> _Problem requirements_: Please take the lines from the one holding "exists2 c : K, c" through the one holding "p.@[fun _ => 0]." in the data below and copy them exactly.
*** Records Section Begins ***
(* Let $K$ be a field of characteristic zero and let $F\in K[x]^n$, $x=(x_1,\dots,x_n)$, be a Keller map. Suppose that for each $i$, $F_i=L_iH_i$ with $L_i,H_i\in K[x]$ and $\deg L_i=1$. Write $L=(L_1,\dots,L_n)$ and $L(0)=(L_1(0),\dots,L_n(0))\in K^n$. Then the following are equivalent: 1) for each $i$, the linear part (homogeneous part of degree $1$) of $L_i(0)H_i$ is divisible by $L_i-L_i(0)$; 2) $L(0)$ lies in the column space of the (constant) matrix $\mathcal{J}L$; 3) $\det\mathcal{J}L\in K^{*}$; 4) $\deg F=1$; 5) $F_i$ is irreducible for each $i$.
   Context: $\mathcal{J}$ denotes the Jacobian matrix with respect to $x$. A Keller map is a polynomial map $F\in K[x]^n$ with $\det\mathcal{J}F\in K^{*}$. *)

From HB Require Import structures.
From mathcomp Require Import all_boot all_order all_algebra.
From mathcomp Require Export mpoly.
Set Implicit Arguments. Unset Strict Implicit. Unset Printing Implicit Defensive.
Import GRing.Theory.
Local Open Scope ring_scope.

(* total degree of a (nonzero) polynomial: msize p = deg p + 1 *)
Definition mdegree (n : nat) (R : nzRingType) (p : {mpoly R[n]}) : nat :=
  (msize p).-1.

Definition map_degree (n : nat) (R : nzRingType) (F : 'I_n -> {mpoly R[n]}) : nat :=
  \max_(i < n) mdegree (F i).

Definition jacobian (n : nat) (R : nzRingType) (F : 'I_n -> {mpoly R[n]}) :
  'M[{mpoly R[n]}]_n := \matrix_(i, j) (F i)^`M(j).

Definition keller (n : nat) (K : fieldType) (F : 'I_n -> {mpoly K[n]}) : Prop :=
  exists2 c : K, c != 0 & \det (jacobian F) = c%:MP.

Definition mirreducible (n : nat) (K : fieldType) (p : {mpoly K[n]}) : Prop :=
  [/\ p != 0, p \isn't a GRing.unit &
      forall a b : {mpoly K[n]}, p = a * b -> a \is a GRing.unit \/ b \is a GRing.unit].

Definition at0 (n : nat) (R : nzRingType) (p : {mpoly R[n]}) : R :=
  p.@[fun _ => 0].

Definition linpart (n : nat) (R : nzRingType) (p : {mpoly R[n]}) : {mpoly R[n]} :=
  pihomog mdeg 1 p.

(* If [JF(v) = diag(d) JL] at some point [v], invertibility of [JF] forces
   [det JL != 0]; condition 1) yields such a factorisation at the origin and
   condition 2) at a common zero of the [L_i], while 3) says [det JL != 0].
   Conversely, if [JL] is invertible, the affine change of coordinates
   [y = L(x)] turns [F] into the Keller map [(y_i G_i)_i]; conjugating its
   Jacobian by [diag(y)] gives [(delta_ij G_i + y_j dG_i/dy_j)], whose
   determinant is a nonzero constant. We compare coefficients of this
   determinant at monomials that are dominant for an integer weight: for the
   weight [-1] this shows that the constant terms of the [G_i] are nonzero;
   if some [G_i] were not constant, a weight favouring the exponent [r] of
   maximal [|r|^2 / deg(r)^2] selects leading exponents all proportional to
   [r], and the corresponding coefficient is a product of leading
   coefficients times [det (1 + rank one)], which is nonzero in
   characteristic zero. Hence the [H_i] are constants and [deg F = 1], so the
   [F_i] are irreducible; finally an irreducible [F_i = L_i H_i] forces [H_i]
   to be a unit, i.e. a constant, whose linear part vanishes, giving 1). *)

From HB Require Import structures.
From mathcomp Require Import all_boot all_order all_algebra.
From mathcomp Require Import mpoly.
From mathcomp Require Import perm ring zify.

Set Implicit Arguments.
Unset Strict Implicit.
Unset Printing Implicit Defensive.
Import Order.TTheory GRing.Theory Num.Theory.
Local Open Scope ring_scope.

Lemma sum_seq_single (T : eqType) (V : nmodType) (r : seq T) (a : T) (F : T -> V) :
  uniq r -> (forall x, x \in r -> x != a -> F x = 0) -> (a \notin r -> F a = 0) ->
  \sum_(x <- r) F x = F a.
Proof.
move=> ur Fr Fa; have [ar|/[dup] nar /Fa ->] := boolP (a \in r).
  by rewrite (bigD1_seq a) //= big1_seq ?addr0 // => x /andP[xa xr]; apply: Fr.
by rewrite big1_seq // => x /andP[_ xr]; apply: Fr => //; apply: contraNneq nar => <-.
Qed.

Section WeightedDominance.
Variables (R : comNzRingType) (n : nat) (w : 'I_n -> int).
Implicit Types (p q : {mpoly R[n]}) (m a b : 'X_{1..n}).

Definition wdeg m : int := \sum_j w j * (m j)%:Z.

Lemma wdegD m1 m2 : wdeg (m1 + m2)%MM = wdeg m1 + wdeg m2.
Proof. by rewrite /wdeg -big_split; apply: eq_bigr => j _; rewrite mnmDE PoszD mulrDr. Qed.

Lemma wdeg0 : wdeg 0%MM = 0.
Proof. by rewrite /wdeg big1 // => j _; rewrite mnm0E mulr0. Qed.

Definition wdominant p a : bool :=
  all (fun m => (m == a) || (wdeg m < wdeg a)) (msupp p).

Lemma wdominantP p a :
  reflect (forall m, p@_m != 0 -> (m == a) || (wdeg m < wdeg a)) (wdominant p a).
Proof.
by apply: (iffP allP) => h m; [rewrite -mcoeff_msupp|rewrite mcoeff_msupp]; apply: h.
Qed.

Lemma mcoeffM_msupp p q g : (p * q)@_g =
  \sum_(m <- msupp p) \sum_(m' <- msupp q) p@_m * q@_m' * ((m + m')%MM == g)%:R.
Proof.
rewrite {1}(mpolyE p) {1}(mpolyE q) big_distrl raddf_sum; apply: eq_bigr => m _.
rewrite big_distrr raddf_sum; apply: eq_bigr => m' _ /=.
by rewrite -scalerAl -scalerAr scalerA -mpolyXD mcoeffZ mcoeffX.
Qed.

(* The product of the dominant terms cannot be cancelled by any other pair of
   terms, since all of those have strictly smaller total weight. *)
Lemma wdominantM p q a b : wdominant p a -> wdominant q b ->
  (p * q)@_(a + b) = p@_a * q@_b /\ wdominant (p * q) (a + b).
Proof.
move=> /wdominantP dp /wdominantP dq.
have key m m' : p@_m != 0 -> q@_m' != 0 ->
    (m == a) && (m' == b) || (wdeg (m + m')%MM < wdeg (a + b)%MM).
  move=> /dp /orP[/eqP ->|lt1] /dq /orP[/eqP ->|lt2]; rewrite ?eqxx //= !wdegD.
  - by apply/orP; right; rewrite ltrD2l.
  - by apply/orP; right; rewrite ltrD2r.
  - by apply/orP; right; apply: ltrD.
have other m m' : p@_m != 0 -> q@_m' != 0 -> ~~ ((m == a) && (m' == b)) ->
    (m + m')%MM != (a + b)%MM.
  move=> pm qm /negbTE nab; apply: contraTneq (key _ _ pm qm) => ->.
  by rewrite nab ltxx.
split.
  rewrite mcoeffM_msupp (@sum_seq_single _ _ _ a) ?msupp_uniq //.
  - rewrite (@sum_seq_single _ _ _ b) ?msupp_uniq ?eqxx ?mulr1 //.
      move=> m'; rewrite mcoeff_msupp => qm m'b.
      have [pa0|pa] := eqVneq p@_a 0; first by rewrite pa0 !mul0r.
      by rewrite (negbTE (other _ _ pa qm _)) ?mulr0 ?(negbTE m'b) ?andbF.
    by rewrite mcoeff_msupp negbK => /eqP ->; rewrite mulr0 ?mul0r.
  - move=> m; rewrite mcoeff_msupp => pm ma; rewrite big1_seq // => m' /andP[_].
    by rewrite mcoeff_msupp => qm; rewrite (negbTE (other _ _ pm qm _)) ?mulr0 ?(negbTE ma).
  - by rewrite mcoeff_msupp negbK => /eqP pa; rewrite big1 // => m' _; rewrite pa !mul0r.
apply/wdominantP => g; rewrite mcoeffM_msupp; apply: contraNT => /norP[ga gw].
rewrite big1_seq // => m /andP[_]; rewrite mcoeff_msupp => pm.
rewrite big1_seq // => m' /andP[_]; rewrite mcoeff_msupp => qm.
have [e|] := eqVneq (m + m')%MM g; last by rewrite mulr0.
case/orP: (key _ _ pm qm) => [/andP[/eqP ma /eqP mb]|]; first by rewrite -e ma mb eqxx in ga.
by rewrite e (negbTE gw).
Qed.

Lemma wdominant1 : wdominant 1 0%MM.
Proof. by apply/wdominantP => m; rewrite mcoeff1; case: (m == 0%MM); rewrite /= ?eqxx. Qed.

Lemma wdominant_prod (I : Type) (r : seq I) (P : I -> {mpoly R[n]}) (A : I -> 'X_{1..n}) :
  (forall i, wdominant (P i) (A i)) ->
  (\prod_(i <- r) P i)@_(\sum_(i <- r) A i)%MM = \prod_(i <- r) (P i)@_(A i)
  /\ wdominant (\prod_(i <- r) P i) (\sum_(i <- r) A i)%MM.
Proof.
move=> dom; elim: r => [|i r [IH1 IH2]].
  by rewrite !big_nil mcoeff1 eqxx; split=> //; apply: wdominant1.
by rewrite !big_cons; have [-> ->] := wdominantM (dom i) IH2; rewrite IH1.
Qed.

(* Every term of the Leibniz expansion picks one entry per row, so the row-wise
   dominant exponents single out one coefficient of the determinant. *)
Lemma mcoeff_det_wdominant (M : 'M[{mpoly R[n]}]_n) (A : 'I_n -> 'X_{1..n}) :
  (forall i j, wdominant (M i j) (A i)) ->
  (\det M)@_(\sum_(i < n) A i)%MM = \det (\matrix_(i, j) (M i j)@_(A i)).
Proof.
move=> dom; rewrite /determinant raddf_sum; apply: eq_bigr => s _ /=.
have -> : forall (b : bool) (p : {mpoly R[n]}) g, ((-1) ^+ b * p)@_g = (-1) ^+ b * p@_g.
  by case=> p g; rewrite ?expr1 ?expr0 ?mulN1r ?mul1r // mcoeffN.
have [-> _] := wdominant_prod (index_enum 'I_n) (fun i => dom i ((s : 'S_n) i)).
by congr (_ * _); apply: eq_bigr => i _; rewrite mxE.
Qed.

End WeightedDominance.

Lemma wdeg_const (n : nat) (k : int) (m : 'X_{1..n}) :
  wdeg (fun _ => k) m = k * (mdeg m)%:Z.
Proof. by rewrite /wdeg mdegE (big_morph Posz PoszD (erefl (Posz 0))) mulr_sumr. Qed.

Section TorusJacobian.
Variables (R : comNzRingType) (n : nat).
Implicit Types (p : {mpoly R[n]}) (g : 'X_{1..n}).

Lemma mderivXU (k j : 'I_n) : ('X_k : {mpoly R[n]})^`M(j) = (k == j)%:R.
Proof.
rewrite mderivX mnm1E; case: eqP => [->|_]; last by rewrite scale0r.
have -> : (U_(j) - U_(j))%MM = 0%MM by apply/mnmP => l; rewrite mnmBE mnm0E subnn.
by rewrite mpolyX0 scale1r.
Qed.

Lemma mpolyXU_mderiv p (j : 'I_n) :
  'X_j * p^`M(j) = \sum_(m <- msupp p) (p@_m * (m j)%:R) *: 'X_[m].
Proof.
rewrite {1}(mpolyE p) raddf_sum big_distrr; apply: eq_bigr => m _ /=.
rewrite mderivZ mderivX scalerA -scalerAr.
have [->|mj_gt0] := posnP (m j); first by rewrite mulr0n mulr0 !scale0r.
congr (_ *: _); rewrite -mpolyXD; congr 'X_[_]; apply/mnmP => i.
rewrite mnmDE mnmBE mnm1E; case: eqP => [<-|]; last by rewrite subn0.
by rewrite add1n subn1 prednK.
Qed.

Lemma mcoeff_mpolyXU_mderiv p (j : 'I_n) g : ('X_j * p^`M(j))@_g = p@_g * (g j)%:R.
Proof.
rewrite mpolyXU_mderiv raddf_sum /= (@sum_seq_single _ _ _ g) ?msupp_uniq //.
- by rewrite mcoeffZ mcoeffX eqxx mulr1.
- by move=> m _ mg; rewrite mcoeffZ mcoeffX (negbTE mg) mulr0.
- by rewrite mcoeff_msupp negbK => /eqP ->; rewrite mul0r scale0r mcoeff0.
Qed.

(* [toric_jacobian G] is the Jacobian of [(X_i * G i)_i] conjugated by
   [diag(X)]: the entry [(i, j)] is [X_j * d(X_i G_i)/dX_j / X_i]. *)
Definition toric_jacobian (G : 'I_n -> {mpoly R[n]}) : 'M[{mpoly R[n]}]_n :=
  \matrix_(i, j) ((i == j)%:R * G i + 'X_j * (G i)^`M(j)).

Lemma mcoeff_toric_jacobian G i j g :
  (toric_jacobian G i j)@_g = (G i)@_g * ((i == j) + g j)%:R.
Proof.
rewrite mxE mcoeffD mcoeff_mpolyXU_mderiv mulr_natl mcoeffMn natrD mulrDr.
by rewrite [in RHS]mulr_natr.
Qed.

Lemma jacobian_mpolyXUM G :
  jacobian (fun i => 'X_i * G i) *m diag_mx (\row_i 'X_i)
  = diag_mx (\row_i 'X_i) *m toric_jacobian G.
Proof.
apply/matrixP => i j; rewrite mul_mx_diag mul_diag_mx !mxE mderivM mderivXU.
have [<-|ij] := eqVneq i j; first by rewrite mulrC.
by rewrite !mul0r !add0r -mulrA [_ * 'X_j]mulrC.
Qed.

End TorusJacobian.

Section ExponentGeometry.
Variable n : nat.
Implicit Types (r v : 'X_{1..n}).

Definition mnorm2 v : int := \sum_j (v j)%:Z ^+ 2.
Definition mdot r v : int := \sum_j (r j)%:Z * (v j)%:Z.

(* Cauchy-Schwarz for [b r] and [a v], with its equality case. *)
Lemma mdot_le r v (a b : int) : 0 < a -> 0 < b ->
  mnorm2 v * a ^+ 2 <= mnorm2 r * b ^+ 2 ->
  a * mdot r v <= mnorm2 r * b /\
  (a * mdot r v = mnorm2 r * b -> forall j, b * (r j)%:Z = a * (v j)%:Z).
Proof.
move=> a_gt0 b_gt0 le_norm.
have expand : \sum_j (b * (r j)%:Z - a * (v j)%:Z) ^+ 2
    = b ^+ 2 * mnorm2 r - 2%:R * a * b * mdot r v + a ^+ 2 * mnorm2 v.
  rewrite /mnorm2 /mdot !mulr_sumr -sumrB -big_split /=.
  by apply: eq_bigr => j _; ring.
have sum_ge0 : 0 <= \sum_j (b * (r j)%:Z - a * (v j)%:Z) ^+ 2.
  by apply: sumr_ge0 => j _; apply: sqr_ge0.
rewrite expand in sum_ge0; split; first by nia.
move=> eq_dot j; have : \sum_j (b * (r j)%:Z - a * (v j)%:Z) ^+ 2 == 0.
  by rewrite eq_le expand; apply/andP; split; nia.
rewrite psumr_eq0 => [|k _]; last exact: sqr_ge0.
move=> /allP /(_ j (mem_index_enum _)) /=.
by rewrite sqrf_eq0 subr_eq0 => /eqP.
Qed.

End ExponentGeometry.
*** Records Section Ends ***
*** Records Section Begins ***
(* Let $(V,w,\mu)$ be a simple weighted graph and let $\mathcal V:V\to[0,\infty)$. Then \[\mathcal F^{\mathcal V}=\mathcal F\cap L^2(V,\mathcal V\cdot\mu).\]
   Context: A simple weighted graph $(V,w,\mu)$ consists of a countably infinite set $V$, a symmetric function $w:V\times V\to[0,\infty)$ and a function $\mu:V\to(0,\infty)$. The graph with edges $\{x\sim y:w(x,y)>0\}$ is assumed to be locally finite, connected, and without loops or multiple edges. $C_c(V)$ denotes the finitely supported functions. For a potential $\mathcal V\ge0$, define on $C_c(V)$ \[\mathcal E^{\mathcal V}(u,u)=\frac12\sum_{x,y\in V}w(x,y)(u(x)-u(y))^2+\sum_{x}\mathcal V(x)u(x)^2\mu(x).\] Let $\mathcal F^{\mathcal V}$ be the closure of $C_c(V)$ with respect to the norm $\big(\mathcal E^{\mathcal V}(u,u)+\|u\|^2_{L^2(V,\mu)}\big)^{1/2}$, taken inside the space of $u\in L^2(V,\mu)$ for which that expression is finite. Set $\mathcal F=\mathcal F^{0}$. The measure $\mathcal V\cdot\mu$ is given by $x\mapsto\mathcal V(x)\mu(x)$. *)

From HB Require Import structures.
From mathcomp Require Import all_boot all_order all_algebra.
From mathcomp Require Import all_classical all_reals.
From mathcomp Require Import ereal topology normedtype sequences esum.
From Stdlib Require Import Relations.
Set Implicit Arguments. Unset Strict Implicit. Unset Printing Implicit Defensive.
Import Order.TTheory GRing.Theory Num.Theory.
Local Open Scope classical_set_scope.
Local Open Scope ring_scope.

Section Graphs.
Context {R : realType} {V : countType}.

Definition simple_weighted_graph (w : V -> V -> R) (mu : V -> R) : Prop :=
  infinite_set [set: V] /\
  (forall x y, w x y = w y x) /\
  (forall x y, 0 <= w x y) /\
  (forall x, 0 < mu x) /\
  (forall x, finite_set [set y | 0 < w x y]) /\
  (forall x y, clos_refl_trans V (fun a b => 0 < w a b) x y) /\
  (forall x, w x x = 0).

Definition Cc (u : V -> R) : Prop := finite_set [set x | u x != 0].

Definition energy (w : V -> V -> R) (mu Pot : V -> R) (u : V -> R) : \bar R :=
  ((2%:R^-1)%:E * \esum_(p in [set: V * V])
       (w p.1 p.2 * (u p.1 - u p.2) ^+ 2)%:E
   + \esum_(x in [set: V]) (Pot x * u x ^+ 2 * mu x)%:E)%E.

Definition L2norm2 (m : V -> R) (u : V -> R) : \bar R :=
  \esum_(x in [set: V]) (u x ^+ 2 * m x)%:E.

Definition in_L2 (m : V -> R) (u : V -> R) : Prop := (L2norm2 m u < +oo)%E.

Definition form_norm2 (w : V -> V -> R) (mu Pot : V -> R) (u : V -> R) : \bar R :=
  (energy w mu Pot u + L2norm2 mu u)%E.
*** Records Section Ends ***
*** Records Section Begins ***
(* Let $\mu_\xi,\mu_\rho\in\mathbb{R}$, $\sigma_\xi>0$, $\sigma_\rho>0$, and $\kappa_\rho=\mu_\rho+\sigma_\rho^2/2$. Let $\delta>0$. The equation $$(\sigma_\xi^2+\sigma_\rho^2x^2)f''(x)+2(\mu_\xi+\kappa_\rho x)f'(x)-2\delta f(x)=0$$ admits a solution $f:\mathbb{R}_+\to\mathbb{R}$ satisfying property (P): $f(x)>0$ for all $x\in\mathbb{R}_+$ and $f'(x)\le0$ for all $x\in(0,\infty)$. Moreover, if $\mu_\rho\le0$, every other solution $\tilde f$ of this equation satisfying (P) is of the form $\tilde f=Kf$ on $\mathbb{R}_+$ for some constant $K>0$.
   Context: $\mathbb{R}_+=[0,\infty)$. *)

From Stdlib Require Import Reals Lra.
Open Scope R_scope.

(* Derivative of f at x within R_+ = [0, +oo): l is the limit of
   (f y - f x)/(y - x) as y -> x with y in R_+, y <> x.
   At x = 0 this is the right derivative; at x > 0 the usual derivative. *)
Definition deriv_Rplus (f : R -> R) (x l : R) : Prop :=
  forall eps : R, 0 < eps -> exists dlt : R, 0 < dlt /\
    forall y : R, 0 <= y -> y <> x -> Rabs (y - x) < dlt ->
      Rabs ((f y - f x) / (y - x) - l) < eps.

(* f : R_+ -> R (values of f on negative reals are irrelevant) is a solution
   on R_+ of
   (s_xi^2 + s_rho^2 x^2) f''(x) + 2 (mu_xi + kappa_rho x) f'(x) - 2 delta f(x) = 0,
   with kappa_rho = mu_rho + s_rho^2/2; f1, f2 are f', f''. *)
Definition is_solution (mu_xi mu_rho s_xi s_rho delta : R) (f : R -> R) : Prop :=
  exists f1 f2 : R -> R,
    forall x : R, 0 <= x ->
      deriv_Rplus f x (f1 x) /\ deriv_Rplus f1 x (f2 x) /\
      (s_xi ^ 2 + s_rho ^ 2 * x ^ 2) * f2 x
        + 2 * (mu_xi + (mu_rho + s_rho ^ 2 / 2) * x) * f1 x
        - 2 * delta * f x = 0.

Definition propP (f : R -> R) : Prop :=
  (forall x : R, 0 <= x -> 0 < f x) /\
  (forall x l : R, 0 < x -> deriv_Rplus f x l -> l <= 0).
*** Records Section Ends ***
> _Answer for the task_:
  exists2 c : K, c != 0 & \det (jacobian F) = c%:MP.

Definition mirreducible (n : nat) (K : fieldType) (p : {mpoly K[n]}) : Prop :=
  [/\ p != 0, p \isn't a GRing.unit &
      forall a b : {mpoly K[n]}, p = a * b -> a \is a GRing.unit \/ b \is a GRing.unit].

Definition at0 (n : nat) (R : nzRingType) (p : {mpoly R[n]}) : R :=
  p.@[fun _ => 0].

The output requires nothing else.